■ SUPPLIED DATA
(* Let $q\ge2$ be a prime power, $d\ge6$ and $5\le j\le d$. Then $|Q_j(d-4)|>|Q_j(d-3)|$.
   Context: Let $b=-q$. For integers $m\ge0$ and $l$, ${m\brack l}_b=\prod_{t=1}^{l}\frac{b^{m-t+1}-1}{b^t-1}$ for $l\ge0$ and $0$ for $l<0$. For $0\le i,j\le d$, $$Q_j(i)=\sum_{h=0}^{\min\{j,d-i\}}(-1)^j(-q)^{\binom{j-h}{2}+hd}{d-h\brack d-j}_b{d-i\brack h}_b,$$ the eigenvalues of the Hermitian forms graph $Q_q(d,j)$. *)

From mathcomp Require Import all_boot all_order all_algebra.
Set Implicit Arguments. Unset Strict Implicit. Unset Printing Implicit Defensive.
Import Order.TTheory GRing.Theory Num.Theory.
Local Open Scope ring_scope.

(* For t > m+1 the exponent is truncated, but then the factor t = m+1
   (b^0 - 1 = 0) already makes the product 0, as in the paper. *)
Definition gbin (b : rat) (m l : nat) : rat :=
  \prod_(1 <= t < l.+1) ((b ^+ (m.+1 - t)%N - 1) / (b ^+ t - 1)).

(* Q_j(i) for the Hermitian forms graph, with b = -q. *)
Definition Qeig (q d j i : nat) : rat :=
  let b : rat := - (q%:R) in
  \sum_(0 <= h < (minn j (d - i)).+1)
    (-1) ^+ j * b ^+ ('C(j - h, 2) + h * d)%N
      * gbin b (d - h) (d - j) * gbin b (d - i) h.

Set Warnings "-notation-overridden,-ambiguous-paths".
From mathcomp Require Import all_boot all_order all_algebra.
From mathcomp Require Import ring lra zify.
Import Order.TTheory GRing.Theory Num.Theory.
Local Open Scope ring_scope.

(* Write Q = q >= 2, b = -Q and i = d - n.  For n <= j the eigenvalue is
     Q_j(d - n) = sum_{h=0}^{n} W_h [n brack h]_b,
     W_h = (-1)^j b^(C(j-h,2) + hd) [d-h brack d-j]_b,
   where the weights W_h do not depend on n.  The absorption identity for
   Gaussian binomials gives W_h (b^(j-h) - 1) b^(d-j+h+1) = W_(h+1) (b^(d-h) - 1),
   and as j - h >= 2 and d - h >= 3 for h < 4 this forces the fast growth
     Q^(h+1) |W_h| <= 3/2 |W_(h+1)|        (h = 0, 1, 2, 3).
   Hence W_4 dominates: with the explicit Gaussian binomials [3 brack h]_b
   and [4 brack h]_b, the triangle inequality bounds |Q_j(d-3)| from above
   and |Q_j(d-4)| from below, and the difference of the two bounds is
   |W_4| minus a combination of |W_0|, ..., |W_3| which the growth estimate
   and a one-variable polynomial inequality in Q show to be positive. *)

Lemma gbin0 (b : rat) m : gbin b m 0 = 1.
Proof. by rewrite /gbin big_geq. Qed.

Lemma gbin_absorb (b : rat) m l :
  gbin b m.+1 l * (b ^+ (m.+1 - l) - 1) = gbin b m l * (b ^+ m.+1 - 1).
Proof.
elim: l => [|l IHl]; first by rewrite !gbin0 subn0.
rewrite /gbin big_nat_recr // [in RHS]big_nat_recr //= -/(gbin b m.+1 l) -/(gbin b m l).
rewrite !subSS; transitivity
  (gbin b m.+1 l * (b ^+ (m.+1 - l) - 1) * ((b ^+ (m - l) - 1) / (b ^+ l.+1 - 1))).
  by ring.
by rewrite IHl; ring.
Qed.

Section NegativeBase.

Variable Q : rat.
Hypothesis Q_ge2 : 2 <= Q.

Let Q_ge0 : 0 <= Q. Proof. by move: Q_ge2; lra. Qed.

Lemma exp2_le_expQ m n : (m <= n)%N -> 2 ^+ m <= Q ^+ n.
Proof.
move=> le_mn; apply: le_trans (ler_weXn2l _ le_mn) _; first lra.
by apply: lerXn2r; rewrite ?nnegrE //; lra.
Qed.

Lemma norm_expN n : `|(- Q) ^+ n| = Q ^+ n.
Proof. by rewrite normrX normrN ger0_norm. Qed.

Lemma expN_sub1_neq0 n : (0 < n)%N -> (- Q) ^+ n - 1 != 0.
Proof.
move=> n_gt0; rewrite subr_eq0; apply/eqP => /(congr1 Num.norm).
rewrite norm_expN normr1 => Qn1.
by have := @exp2_le_expQ 1 n n_gt0; rewrite expr1 Qn1; lra.
Qed.

Lemma gbin_neq0 m l : (l <= m)%N -> gbin (- Q) m l != 0.
Proof.
move=> le_lm; rewrite /gbin prodf_seq_neq0; apply/allP => t.
rewrite mem_index_iota => /andP [t_gt0 t_le] /=.
by rewrite mulf_neq0 ?invr_neq0 // expN_sub1_neq0 //; lia.
Qed.

(* The case n = 1, in the form it takes after simplification. *)
Lemma negQ_sub1_neq0 : - Q - 1 != 0.
Proof. by have := @expN_sub1_neq0 1 isT; rewrite expr1. Qed.

Ltac gbin_value :=
  rewrite /gbin unlock /=; field;
  repeat (apply/andP; split);
  first [ exact: negQ_sub1_neq0 | by apply: expN_sub1_neq0 ].

Lemma gbin31 : gbin (- Q) 3 1 = Q ^+ 2 - Q + 1. Proof. gbin_value. Qed.
Lemma gbin32 : gbin (- Q) 3 2 = Q ^+ 2 - Q + 1. Proof. gbin_value. Qed.
Lemma gbin33 : gbin (- Q) 3 3 = 1. Proof. gbin_value. Qed.
Lemma gbin41 : gbin (- Q) 4 1 = - ((Q - 1) * (Q ^+ 2 + 1)). Proof. gbin_value. Qed.
Lemma gbin42 : gbin (- Q) 4 2 = (Q ^+ 2 + 1) * (Q ^+ 2 - Q + 1). Proof. gbin_value. Qed.
Lemma gbin43 : gbin (- Q) 4 3 = - ((Q - 1) * (Q ^+ 2 + 1)). Proof. gbin_value. Qed.
Lemma gbin44 : gbin (- Q) 4 4 = 1. Proof. gbin_value. Qed.

(* From a step relation w (R - 1) S = w' (P - 1) with |S| |R| = |P| Q^k and
   |P| >= 8, |R| >= 4, the ratio |w'| / |w| is at least 2/3 Q^k, because
   |R - 1| >= 3/4 |R| and |P - 1| <= 9/8 |P|. *)
Lemma growth_from_step (w w' R P S : rat) (k : nat) :
  w * (R - 1) * S = w' * (P - 1) -> `|S| * `|R| = `|P| * Q ^+ k ->
  8 <= `|P| -> 4 <= `|R| -> Q ^+ k * `|w| <= 3/2 * `|w'|.
Proof.
move=> /(congr1 Num.norm) step normSR P_ge8 R_ge4.
rewrite !normrM in step.
have R1_ge : 3/4 * `|R| <= `|R - 1|.
  by have := lerB_dist R 1; rewrite normr1; lra.
have P1_le : `|P - 1| <= 9/8 * `|P|.
  by have := ler_normB P 1; rewrite normr1; lra.
have wS_ge0 : 0 <= `|w| * `|S| by rewrite mulr_ge0.
have scaled : `|P| * (3/4 * (Q ^+ k * `|w|)) <= `|P| * (9/8 * `|w'|).
  have -> : `|P| * (3/4 * (Q ^+ k * `|w|)) = `|w| * `|S| * (3/4 * `|R|).
    transitivity (3/4 * `|w| * (`|P| * Q ^+ k)); first by ring.
    by rewrite -normSR; ring.
  apply: le_trans (ler_wpM2l wS_ge0 R1_ge) _.
  have -> : `|w| * `|S| * `|R - 1| = `|w'| * `|P - 1| by rewrite -step; ring.
  by apply: le_trans (ler_wpM2l (normr_ge0 w') P1_le) _; lra.
by rewrite ler_pM2l in scaled; lra.
Qed.

(* The polynomial inequality behind the final comparison; after Q = t + 2
   every coefficient of the difference is nonnegative. *)
Lemma dominant_poly :
  3/2 * Q ^+ 7 * (Q ^+ 2 - Q + 1) + 9/4 * (Q ^+ 2 - Q + 1) * (Q ^+ 2 + 2) * Q ^+ 3
    + 27/8 * Q ^+ 4 + 81/8 < Q ^+ 10.
Proof.
have t_ge0 : 0 <= Q - 2 by move: Q_ge2; lra.
set t := Q - 2 in t_ge0; have -> : Q = t + 2 by rewrite /t; ring.
have := exprn_ge0 2 t_ge0; have := exprn_ge0 3 t_ge0; have := exprn_ge0 4 t_ge0.
have := exprn_ge0 5 t_ge0; have := exprn_ge0 6 t_ge0; have := exprn_ge0 7 t_ge0.
have := exprn_ge0 8 t_ge0; have := exprn_ge0 9 t_ge0; have := exprn_ge0 10 t_ge0.
lra.
Qed.

Lemma dominant_term (w0 w1 w2 w3 w4 : rat) :
  0 <= w0 -> 0 <= w1 -> 0 <= w2 -> 0 <= w3 -> 0 < w4 ->
  Q ^+ 1 * w0 <= 3/2 * w1 -> Q ^+ 2 * w1 <= 3/2 * w2 ->
  Q ^+ 3 * w2 <= 3/2 * w3 -> Q ^+ 4 * w3 <= 3/2 * w4 ->
  2 * w0 + Q ^+ 3 * w1 + (Q ^+ 2 - Q + 1) * (Q ^+ 2 + 2) * w2
    + Q * (Q ^+ 2 - Q + 1) * w3 < w4.
Proof.
move=> w0_ge0 w1_ge0 w2_ge0 w3_ge0 w4_gt0 r0 r1 r2 r3.
have lift k (x y : rat) : x <= y -> Q ^+ k * x <= Q ^+ k * y.
  by move=> le_xy; rewrite ler_wpM2l ?exprn_ge0.
have v2 : Q ^+ 7 * w2 <= 9/4 * w4.
  by have := lift 4%N _ _ r2; rewrite mulrA -exprD; nra.
have v1 : Q ^+ 9 * w1 <= 27/8 * w4.
  by have := lift 7%N _ _ r1; rewrite mulrA -exprD; nra.
have v0 : Q ^+ 10 * w0 <= 81/16 * w4.
  by have := lift 9%N _ _ r0; rewrite mulrA -exprD; nra.
have a_ge0 : 0 <= Q ^+ 2 - Q + 1 by nra.
have k3 := ler_wpM2l (mulr_ge0 (exprn_ge0 7 Q_ge0) a_ge0) r3.
have k2 := ler_wpM2l (mulr_ge0 (mulr_ge0 a_ge0 (addr_ge0 (exprn_ge0 2 Q_ge0)
  (ler0n _ 2))) (exprn_ge0 3 Q_ge0)) v2.
have k1 := ler_wpM2l (exprn_ge0 4 Q_ge0) v1.
have := dominant_poly; rewrite -(ltr_pM2r w4_gt0) => poly_w4.
have Q10_gt0 : 0 < Q ^+ 10 by rewrite exprn_gt0 //; move: Q_ge2; lra.
rewrite -(ltr_pM2l Q10_gt0).
have -> : Q ^+ 10 * (2 * w0 + Q ^+ 3 * w1 + (Q ^+ 2 - Q + 1) * (Q ^+ 2 + 2) * w2
    + Q * (Q ^+ 2 - Q + 1) * w3)
  = 2 * (Q ^+ 10 * w0) + Q ^+ 4 * (Q ^+ 9 * w1)
    + (Q ^+ 2 - Q + 1) * (Q ^+ 2 + 2) * Q ^+ 3 * (Q ^+ 7 * w2)
    + Q ^+ 7 * (Q ^+ 2 - Q + 1) * (Q ^+ 4 * w3) by ring.
lra.
Qed.

End NegativeBase.

Section HermitianWeights.

Variables q d j : nat.

Let Q : rat := q%:R.
Let b : rat := - Q.

Definition weight (h : nat) : rat :=
  (-1) ^+ j * b ^+ ('C(j - h, 2) + h * d) * gbin b (d - h) (d - j).
(* Expanding sums by simplification must keep the weights folded. *)
Arguments weight : simpl never.

Lemma Qeig_expand i n : (d - i = n)%N -> (n <= j)%N ->
  Qeig q d j i = \sum_(0 <= h < n.+1) weight h * gbin b n h.
Proof. by move=> <- le_nj; rewrite /Qeig (minn_idPr le_nj). Qed.

Lemma weight_step h : (h < j)%N -> (j <= d)%N ->
  weight h * (b ^+ (j - h) - 1) * b ^+ (d - j + h + 1)
  = weight h.+1 * (b ^+ (d - h) - 1).
Proof.
move=> lt_hj le_jd; rewrite /weight.
have := gbin_absorb b (d - h.+1) (d - j).
have -> : (d - h.+1).+1 = (d - h)%N by lia.
have -> : ((d - h) - (d - j) = j - h)%N by lia.
move=> absorb.
have -> : ('C(j - h.+1, 2) + h.+1 * d
           = 'C(j - h, 2) + h * d + (d - j + h + 1))%N.
  have -> : (j - h = (j - h.+1).+1)%N by lia.
  by rewrite binS bin1; lia.
rewrite [in RHS]exprD; transitivity ((-1) ^+ j * b ^+ ('C(j - h, 2) + h * d)
  * b ^+ (d - j + h + 1) * (gbin b (d - h) (d - j) * (b ^+ (j - h) - 1))).
  by ring.
by rewrite absorb; ring.
Qed.

Hypotheses (q_ge2 : (2 <= q)%N) (d_ge6 : (6 <= d)%N).
Hypotheses (j_ge5 : (5 <= j)%N) (j_le_d : (j <= d)%N).

Let Q_ge2 : 2 <= Q. Proof. by rewrite (ler_nat _ 2 q). Qed.
Let norm_bX n : `|b ^+ n| = Q ^+ n. Proof. exact: norm_expN. Qed.

Lemma weight_growth h : (h < 4)%N ->
  Q ^+ h.+1 * `|weight h| <= 3/2 * `|weight h.+1|.
Proof.
move=> lt_h4; have lt_hj : (h < j)%N by lia.
apply: (@growth_from_step Q _ _ _ _ _ _ (weight_step h lt_hj j_le_d)).
- by rewrite !norm_bX -!exprD; congr (_ ^+ _); lia.
- rewrite norm_bX.
  by have := @exp2_le_expQ Q Q_ge2 3 (d - h) ltac:(lia); lra.
- rewrite norm_bX.
  by have := @exp2_le_expQ Q Q_ge2 2 (j - h) ltac:(lia); lra.
Qed.

(* The dominant weight W_4 is nonzero since d - j <= d - 4. *)
Lemma weight4_neq0 : weight 4 != 0.
Proof.
rewrite /weight !mulf_neq0 ?expf_neq0 ?oppr_eq0 ?oner_eq0 //.
- by rewrite pnatr_eq0 -lt0n; lia.
- by apply: (@gbin_neq0 Q) => //; lia.
Qed.

Lemma Qeig_d3_upper :
  `|Qeig q d j (d - 3)| <= `|weight 0| + (Q ^+ 2 - Q + 1) * `|weight 1|
    + (Q ^+ 2 - Q + 1) * `|weight 2| + `|weight 3|.
Proof.
rewrite (@Qeig_expand _ 3) ?subKn //; try lia.
apply: le_trans (ler_norm_sum _ _ _) _.
rewrite unlock /= !(normrM (weight _)) gbin0 gbin31 // gbin32 // gbin33 //.
have a_ge0 : 0 <= Q ^+ 2 - Q + 1 by nra.
by rewrite normr1 (ger0_norm a_ge0); lra.
Qed.

Lemma Qeig_d4_lower :
  `|weight 4| - (`|weight 0| + (Q - 1) * (Q ^+ 2 + 1) * `|weight 1|
    + (Q ^+ 2 + 1) * (Q ^+ 2 - Q + 1) * `|weight 2|
    + (Q - 1) * (Q ^+ 2 + 1) * `|weight 3|) <= `|Qeig q d j (d - 4)|.
Proof.
rewrite (@Qeig_expand _ 4) ?subKn //; try lia.
rewrite big_nat_recr //= gbin44 // mulr1 addrC.
apply: le_trans (lerB_normD _ _); rewrite lerD2l lerN2.
apply: le_trans (ler_norm_sum _ _ _) _.
rewrite unlock /= !(normrM (weight _)) gbin0 gbin41 // gbin42 // gbin43 //.
have e_ge0 : 0 <= (Q - 1) * (Q ^+ 2 + 1) by apply: mulr_ge0; move: Q_ge2; nra.
have f_ge0 : 0 <= (Q ^+ 2 + 1) * (Q ^+ 2 - Q + 1) by apply: mulr_ge0; move: Q_ge2; nra.
by rewrite normr1 !normrN (ger0_norm e_ge0) (ger0_norm f_ge0); lra.
Qed.

End HermitianWeights.

Theorem lemma5p9 (q d j : nat) :
  (exists p k : nat, [/\ prime p, (0 < k)%N & q = (p ^ k)%N]) ->
  (2 <= q)%N -> (6 <= d)%N -> (5 <= j)%N -> (j <= d)%N ->
  `|Qeig q d j (d - 3)| < `|Qeig q d j (d - 4)|.
Proof.
move=> _ q_ge2 d_ge6 j_ge5 j_le_d.
have Q_ge2 : 2 <= (q%:R : rat) by rewrite (ler_nat _ 2 q).
have growth := weight_growth _ _ _ q_ge2 d_ge6 j_ge5 j_le_d.
have W4_gt0 : 0 < `|weight q d j 4|.
  by rewrite normr_gt0 (weight4_neq0 _ _ _ q_ge2 d_ge6 j_ge5 j_le_d).
have := dominant_term _ Q_ge2 _ _ _ _ _ (normr_ge0 _) (normr_ge0 _)
  (normr_ge0 _) (normr_ge0 _) W4_gt0 (growth 0%N isT) (growth 1%N isT)
  (growth 2%N isT) (growth 3%N isT).
have := Qeig_d3_upper _ _ _ q_ge2 d_ge6 j_ge5 j_le_d.
have := Qeig_d4_lower _ _ _ q_ge2 d_ge6 j_ge5 j_le_d.
lra.
Qed.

■ YOUR INSTRUCTIONS
Please give back exactly the lines of this listing beginning at the line with "the growth estimate" and ending with the line with "elim: l => [|l", both included, and nothing else.

■ THE COMPLETED TASK
   |W_4| minus a combination of |W_0|, ..., |W_3| which the growth estimate
   and a one-variable polynomial inequality in Q show to be positive. *)

Lemma gbin0 (b : rat) m : gbin b m 0 = 1.
Proof. by rewrite /gbin big_geq. Qed.

Lemma gbin_absorb (b : rat) m l :
  gbin b m.+1 l * (b ^+ (m.+1 - l) - 1) = gbin b m l * (b ^+ m.+1 - 1).
Proof.
elim: l => [|l IHl]; first by rewrite !gbin0 subn0.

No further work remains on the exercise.